§ What the task requires
Which lines of the data below contain "mids"? Please show them all.

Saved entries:
════════════════════
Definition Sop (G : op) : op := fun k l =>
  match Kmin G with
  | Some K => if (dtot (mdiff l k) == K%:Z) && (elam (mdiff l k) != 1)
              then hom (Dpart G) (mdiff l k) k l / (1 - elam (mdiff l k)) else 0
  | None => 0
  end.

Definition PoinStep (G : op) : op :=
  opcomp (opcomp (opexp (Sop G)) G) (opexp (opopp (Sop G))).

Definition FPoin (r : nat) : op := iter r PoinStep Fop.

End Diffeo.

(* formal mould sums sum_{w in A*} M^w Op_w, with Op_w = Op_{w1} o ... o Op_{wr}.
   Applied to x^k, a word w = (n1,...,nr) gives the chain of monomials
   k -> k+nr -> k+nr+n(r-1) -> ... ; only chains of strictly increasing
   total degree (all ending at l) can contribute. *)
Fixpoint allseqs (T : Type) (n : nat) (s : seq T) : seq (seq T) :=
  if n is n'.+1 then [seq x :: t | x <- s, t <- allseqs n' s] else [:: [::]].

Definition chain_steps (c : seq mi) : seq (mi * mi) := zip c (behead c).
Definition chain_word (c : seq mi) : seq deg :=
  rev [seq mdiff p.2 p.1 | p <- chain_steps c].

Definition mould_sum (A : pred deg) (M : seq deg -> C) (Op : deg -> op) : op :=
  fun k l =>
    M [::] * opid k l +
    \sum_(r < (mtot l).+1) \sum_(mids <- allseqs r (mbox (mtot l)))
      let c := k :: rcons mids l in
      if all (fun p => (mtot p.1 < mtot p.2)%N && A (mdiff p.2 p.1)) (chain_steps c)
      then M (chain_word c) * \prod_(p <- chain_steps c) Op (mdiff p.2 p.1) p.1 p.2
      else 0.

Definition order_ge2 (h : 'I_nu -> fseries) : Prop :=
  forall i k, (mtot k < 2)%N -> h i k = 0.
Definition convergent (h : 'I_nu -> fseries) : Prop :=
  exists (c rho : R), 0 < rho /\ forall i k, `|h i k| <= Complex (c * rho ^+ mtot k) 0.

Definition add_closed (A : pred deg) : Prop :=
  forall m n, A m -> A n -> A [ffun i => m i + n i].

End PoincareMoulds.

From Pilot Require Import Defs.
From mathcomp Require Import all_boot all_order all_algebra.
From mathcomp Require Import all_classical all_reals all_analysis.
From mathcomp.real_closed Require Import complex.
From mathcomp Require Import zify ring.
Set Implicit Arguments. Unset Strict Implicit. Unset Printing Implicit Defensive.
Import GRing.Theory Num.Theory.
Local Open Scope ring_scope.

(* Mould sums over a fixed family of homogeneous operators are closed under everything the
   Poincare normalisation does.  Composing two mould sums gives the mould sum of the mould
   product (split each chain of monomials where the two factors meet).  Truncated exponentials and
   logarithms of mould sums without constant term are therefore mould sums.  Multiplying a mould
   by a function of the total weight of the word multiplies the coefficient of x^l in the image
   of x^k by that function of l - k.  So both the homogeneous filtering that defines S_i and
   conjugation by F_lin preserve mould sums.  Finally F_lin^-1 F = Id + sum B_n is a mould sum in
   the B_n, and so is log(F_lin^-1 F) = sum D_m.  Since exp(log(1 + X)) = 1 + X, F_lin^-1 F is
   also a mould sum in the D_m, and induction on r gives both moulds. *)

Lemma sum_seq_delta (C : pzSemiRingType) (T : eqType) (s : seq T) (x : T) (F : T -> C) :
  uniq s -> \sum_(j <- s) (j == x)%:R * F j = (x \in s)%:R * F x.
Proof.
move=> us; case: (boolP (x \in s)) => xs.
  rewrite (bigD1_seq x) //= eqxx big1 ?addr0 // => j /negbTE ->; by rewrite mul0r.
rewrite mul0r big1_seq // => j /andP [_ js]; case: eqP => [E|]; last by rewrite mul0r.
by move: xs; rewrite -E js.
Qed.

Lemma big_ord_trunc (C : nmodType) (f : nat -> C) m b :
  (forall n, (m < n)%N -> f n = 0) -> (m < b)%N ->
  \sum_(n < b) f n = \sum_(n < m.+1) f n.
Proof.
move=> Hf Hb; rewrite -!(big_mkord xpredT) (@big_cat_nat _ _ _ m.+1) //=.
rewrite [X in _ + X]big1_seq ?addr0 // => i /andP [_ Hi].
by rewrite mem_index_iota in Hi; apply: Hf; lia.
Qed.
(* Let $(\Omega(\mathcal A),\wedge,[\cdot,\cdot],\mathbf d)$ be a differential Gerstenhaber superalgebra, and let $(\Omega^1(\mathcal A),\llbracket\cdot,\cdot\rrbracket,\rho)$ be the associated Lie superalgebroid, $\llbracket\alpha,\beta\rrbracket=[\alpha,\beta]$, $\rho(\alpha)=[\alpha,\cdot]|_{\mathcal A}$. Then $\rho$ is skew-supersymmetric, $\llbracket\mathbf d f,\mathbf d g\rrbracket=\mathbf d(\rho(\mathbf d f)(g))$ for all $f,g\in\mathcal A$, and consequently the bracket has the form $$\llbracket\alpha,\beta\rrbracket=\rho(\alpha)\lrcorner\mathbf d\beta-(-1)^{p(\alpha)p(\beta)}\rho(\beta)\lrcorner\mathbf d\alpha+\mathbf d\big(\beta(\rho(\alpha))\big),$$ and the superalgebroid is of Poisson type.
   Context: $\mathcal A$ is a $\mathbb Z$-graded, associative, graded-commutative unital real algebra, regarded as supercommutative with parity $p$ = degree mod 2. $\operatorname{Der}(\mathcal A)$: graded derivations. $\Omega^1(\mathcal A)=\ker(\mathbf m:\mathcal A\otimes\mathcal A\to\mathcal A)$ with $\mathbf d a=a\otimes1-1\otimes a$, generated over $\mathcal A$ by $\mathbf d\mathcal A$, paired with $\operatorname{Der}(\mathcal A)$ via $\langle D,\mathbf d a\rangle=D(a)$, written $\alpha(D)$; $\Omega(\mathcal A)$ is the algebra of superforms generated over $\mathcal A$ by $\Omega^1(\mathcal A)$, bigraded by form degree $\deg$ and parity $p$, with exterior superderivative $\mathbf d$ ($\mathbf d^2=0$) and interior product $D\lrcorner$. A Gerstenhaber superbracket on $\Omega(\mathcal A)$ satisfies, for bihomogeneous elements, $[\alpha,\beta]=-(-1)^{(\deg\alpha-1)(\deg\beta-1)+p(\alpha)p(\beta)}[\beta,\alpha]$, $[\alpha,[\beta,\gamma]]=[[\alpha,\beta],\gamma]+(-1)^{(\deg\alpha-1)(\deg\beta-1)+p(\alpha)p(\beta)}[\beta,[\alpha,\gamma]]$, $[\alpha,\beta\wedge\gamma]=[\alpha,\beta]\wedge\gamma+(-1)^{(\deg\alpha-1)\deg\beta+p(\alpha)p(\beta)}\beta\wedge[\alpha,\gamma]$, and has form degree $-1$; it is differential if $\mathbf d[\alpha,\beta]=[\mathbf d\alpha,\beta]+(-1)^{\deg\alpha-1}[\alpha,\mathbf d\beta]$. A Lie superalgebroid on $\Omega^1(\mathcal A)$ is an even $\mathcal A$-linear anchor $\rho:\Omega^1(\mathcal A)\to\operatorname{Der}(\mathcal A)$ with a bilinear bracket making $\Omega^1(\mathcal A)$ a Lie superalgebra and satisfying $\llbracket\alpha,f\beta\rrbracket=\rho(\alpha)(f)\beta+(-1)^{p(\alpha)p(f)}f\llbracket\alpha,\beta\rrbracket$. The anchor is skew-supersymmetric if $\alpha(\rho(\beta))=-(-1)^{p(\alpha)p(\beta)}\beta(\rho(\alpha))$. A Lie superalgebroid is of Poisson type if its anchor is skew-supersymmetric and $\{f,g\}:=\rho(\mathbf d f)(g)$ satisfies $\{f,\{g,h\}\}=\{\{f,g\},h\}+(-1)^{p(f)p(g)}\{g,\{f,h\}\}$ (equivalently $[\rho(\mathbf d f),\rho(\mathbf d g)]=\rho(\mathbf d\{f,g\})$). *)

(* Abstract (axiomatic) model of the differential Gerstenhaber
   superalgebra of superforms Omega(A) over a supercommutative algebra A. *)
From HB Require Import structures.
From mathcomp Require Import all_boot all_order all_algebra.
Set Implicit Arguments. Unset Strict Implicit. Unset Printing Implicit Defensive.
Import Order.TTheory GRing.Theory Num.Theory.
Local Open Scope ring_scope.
════════════════════
§ Response to this exercise
    \sum_(r < (mtot l).+1) \sum_(mids <- allseqs r (mbox (mtot l)))
      let c := k :: rcons mids l in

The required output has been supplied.